I've used RDKit Substructure Counter node and Create BitVector node [setting bit if count>=1] to generate a "fingerprint" from a set of query molecules. The query molecules are input as smarts strings, and the target is a smiles string.

This seems to work, however, I'm getting very different results to using a python script to call  RDKit HasSubstructMatch directly using the same input. Fragment of python code is:

    for q in queries:
        mq = MolFromSmarts(q)

Does anybody know why these might differ since presumably, the Knime node is just calling essentially the same RDKit functions under the hood?

BTW, using the Indigo Substructure Match Counter seem to agree with RDKit Substructure Counter, so I suspect thet the Python code isn't working as expected?!



Are you running the python script externally to KNIME? Could yout try running it in a python snippet node to see if it is an RDKit version issue? 

Have you looked at some of the matches to see if they are correct? For example can you match the SMARTS by eye for one of the queries and agree with the generated fingerprint?

I've run the Python code within a Knime Python Script (2:1) node.

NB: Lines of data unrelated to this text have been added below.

Lemma inner_sum K (c d : nat -> R[i]) (F H : nat -> nat -> R[i]) N :
  (forall k, (k < K)%N -> supp_below (F k) N) ->
  inner (fun x => \sum_(k < K) c k * F k x) (fun x => \sum_(l < K) d l * H l x)
  = \sum_(k < K) \sum_(l < K) (c k * (d l)^*) * inner (F k) (H l).
Proof.
move=> F0.
have sum0 : supp_below (fun x => \sum_(k < K) c k * F k x) N.
  by move=> x Nx; rewrite big1 // => k _; rewrite F0 // mulr0.
rewrite (inner_supp_below _ sum0).
under eq_bigr => x _ do rewrite rmorph_sum /= mulr_suml.
rewrite exchange_big /=; apply: eq_bigr => k _.
under eq_bigr => x _ do rewrite mulr_sumr.
rewrite exchange_big /=; apply: eq_bigr => l _.
rewrite (inner_supp_below _ (F0 k (ltn_ord k))) mulr_sumr; apply: eq_bigr => x _.
by rewrite rmorphM /=; ring.
Qed.

Section Unitary.
Hypothesis hU : forall n, unitary2 (C n).
(* In a diagonal positive unital circuit, every operator $O_k(\mathbf{x}_k)$ (for every unit $k$ and every assignment $\mathbf{x}_k$) is a diagonal matrix.
   Context: A partition circuit over discrete variables $\mathbf{x}=\{x_0,\dots,x_{N-1}\}$ is a rooted binary tree whose leaves are in bijection with the variables (leaf $k$ carries $x_k$ with finite value set $\Omega(X_k)$), each internal unit $k$ having two children $k_l,k_r$; $\mathbf{x}_k$ denotes an assignment to the variables at leaves below $k$. A diagonal positive unital circuit assigns: to each leaf $k$ diagonal complex matrices $\Delta_{x_k}$, $x_k\in\Omega(X_k)$, with $\sum_{x_k}\Delta_{x_k}\Delta_{x_k}^*=\mathbb{1}$, and sets $O_k(\mathbf{x}_k)=\Delta_{x_k}\Delta_{x_k}^*$; to each internal unit $k$ (with input dimension $n$, the size of $O_{k_l}\otimes O_{k_r}$, and output dimension $m$) diagonal $n\times n$ matrices $D_{kj}$, $j=1,\dots,m$, with $\operatorname{Tr}[D_{kj}D_{kj}^*]=1$, and sets $O_k(\mathbf{x}_k)=\sum_{j=1}^m J_jD_{kj}\big(O_{k_l}(\mathbf{x}_{k_l})\otimes O_{k_r}(\mathbf{x}_{k_r})\big)D_{kj}^*J_j^*$, where $J_j$ is the $m\times n$ matrix whose $j$-th row consists of ones and all other entries are zero, and $\otimes$ is the Kronecker product. *)

From HB Require Import structures.
From mathcomp Require Import all_boot all_order all_algebra.
From mathcomp Require Import complex mxtens.
Set Implicit Arguments. Unset Strict Implicit. Unset Printing Implicit Defensive.
Import Order.TTheory GRing.Theory Num.Theory.
Local Open Scope ring_scope.

Definition adjmx (C : numClosedFieldType) m n (M : 'M[C]_(m, n)) : 'M[C]_(n, m) :=
  \matrix_(i, j) (M j i)^*.

Definition Jmx (C : pzRingType) m n (j : 'I_m) : 'M[C]_(m, n) :=
  \matrix_(a, b) (a == j)%:R.

(* A circuit over variables x_0..x_{N-1}, value sets Om i, indexed by the
   output (square) dimension of the unit.  A leaf carries a variable index i
   and matrices Delta_x (x in Om i); an internal unit with output dimension m
   carries the matrices D_j (j < m) of size (nl*nr) x (nl*nr). *)
Inductive circuit (C : Type) (N : nat) (Om : 'I_N -> finType) : nat -> Type :=
| Leaf (i : 'I_N) (d : nat) (Delta : Om i -> 'M[C]_d) : circuit C Om d
| Node (nl nr m : nat) (l : circuit C Om nl) (r : circuit C Om nr)
       (D : 'I_m -> 'M[C]_(nl * nr)) : circuit C Om m.

Arguments Leaf {C N Om} i {d} Delta.
Arguments Node {C N Om nl nr m} l r D.

Fixpoint leaves C N (Om : 'I_N -> finType) m (c : circuit C Om m) : seq 'I_N :=
  match c with
  | Leaf i _ _ => [:: i]
  | Node _ _ _ l r _ => leaves l ++ leaves r
  end.

Definition partition_circuit C N (Om : 'I_N -> finType) m (c : circuit C Om m) :=
  perm_eq (leaves c) (enum 'I_N).

Fixpoint asg C N (Om : 'I_N -> finType) m (c : circuit C Om m) : Type :=
  match c with
  | Leaf i _ _ => Om i
  | Node _ _ _ l r _ => (asg l * asg r)%type
  end.

Fixpoint Op (C : numClosedFieldType) N (Om : 'I_N -> finType) m
    (c : circuit C Om m) : asg c -> 'M[C]_m :=
  match c in circuit _ _ m return asg c -> 'M[C]_m with
  | Leaf i d Delta => fun x => Delta x *m adjmx (Delta x)
  | Node nl nr m l r D => fun x =>
      \sum_(j < m)
        (@Jmx C m (nl * nr)%N j *m D j *m (@Op C N Om nl l x.1 *t @Op C N Om nr r x.2)
           *m adjmx (D j) *m adjmx (@Jmx C m (nl * nr)%N j))
  end.

Fixpoint dpu_circuit (C : numClosedFieldType) N (Om : 'I_N -> finType) m
    (c : circuit C Om m) : Prop :=
  match c with
  | Leaf i d Delta =>
      (forall x, is_diag_mx (Delta x)) /\
      \sum_(x : Om i) (Delta x *m adjmx (Delta x)) = 1%:M
  | Node nl nr m l r D =>
      dpu_circuit l /\ dpu_circuit r /\
      (forall j, is_diag_mx (D j) /\ \tr (D j *m adjmx (D j)) = 1)
  end.

Inductive subunit C N (Om : 'I_N -> finType) n (k : circuit C Om n) :
    forall m, circuit C Om m -> Prop :=
| subunit_refl : subunit k k
| subunit_l nl nr m (l : circuit C Om nl) (r : circuit C Om nr) D :
    subunit k l -> subunit k (Node (m:=m) l r D)
| subunit_r nl nr m (l : circuit C Om nl) (r : circuit C Om nr) D :
    subunit k r -> subunit k (Node (m:=m) l r D).

Arguments Op {C N Om m} c x.
Arguments asg {C N Om m} c.
Arguments leaves {C N Om m} c.
Arguments dpu_circuit {C N Om m} c.
Arguments partition_circuit {C N Om m} c.

From HB Require Import structures.
From mathcomp Require Import all_boot all_order all_algebra.
From mathcomp Require Import complex mxtens.
Import Order.TTheory GRing.Theory Num.Theory.
Local Open Scope ring_scope.

(* At a leaf, O_k = Delta Delta^* is a product of diagonal matrices.  At an
   internal unit every summand J_j B J_j^* vanishes outside the entry (j, j),
   whatever B is, so internal operators are diagonal for free. *)

Lemma is_diag_mx_sum (V : nmodType) m n (I : Type) (r : seq I) (P : pred I)
    (F : I -> 'M[V]_(m, n)) :
  (forall i, P i -> is_diag_mx (F i)) -> is_diag_mx (\sum_(i <- r | P i) F i).
Proof.
move=> Fdiag; apply/is_diag_mxP => a b neq_ab.
by rewrite summxE big1 // => i /Fdiag /is_diag_mxP ->.
Qed.

Lemma adjmx_diag_mx (C : numClosedFieldType) n (d : 'rV[C]_n) :
  adjmx (diag_mx d) = diag_mx (\row_j (d 0 j)^*).
Proof.
apply/matrixP => a b; rewrite !mxE rmorphMn eq_sym.
by have [->|_] := eqVneq a b; rewrite ?mulr0n.
Qed.

Lemma is_diag_mx_mul_adj (C : numClosedFieldType) n (A : 'M[C]_n) :
  is_diag_mx A -> is_diag_mx (A *m adjmx A).
Proof.
by move=> /diag_mxP[d ->]; rewrite adjmx_diag_mx mulmx_diag diag_mx_is_diag.
Qed.

Lemma Jmx_mul_adj_is_diag (C : numClosedFieldType) m n (j : 'I_m)
    (B : 'M[C]_n) :
  is_diag_mx (Jmx C n j *m B *m adjmx (Jmx C n j)).
Proof.
apply/is_diag_mxP => a b neq_ab; rewrite !mxE big1 // => k _; rewrite !mxE.
have [eq_aj|neq_aj] := eqVneq a j.
  have /negPf-> : b != j by apply: contraNneq neq_ab => eq_bj; rewrite eq_aj eq_bj.
  by rewrite conjC0 mulr0.
by rewrite big1 ?mul0r // => l _; rewrite mxE (negPf neq_aj) mul0r.
Qed.

Lemma Op_Node_is_diag (C : numClosedFieldType) N (Om : 'I_N -> finType)
    nl nr m (l : circuit C Om nl) (r : circuit C Om nr)
    (D : 'I_m -> 'M[C]_(nl * nr)) (x : asg (Node l r D)) :
  is_diag_mx (Op (Node l r D) x).
Proof.
apply: is_diag_mx_sum => j _.
have := @Jmx_mul_adj_is_diag _ _ _ j (D j *m (Op l x.1 *t Op r x.2) *m adjmx (D j)).
by rewrite !mulmxA.
Qed.

Lemma Op_is_diag (C : numClosedFieldType) N (Om : 'I_N -> finType) m
    (c : circuit C Om m) :
  dpu_circuit c -> forall x, is_diag_mx (Op c x).
Proof.
case: c => [i d Delta [Delta_diag _] x | nl nr m' l r D _ x].
  exact: is_diag_mx_mul_adj (Delta_diag x).
exact: Op_Node_is_diag.
Qed.

Lemma dpu_circuit_subunit (C : numClosedFieldType) N (Om : 'I_N -> finType)
    n (k : circuit C Om n) m (c : circuit C Om m) :
  subunit k c -> dpu_circuit c -> dpu_circuit k.
Proof.
by elim=> //= nl nr m' l r D _ IH; [case=> /IH | case=> _ [/IH]].
Qed.

Theorem proposition9 (R : rcfType) (N : nat) (Om : 'I_N -> finType) (m : nat)
    (c : circuit R[i] Om m) :
  partition_circuit c -> dpu_circuit c ->
  forall (n : nat) (k : circuit R[i] Om n), subunit k c ->
  forall x : asg k, is_diag_mx (Op k x).
Proof.
move=> _ dpu_c n k k_c; apply: Op_is_diag.
exact: dpu_circuit_subunit k_c dpu_c.
Qed.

Knime points to the same Python version as I use when I run stand-alone Python; this might not be the same as the RDKit version used by Knime RDKit nodes however.

The query molecules are generated elswhere, one mismatch is:

mol = 'C[C@@H](NC(=O)[C@H](CCCCN)N1Cc2[nH]c3ccccc3c2C[C@@H](NC(=O)Cc4ccccc4)C1=O)c5ccccc5'

query = 'C:C:C'

The query was generated by the Indigo MCS Scaffold Finder, and seems a bit odd to me 'aliphatic carbon joind by aromatic bonds'?



I have discovered where the workflow was going wrong, the input file for the queries had a "molecule type cast" node, with the option somehow reset to "smiles", when it should have been "smarts". Once I changed this, the two method agree with each other.

Led astray by daft errors :-(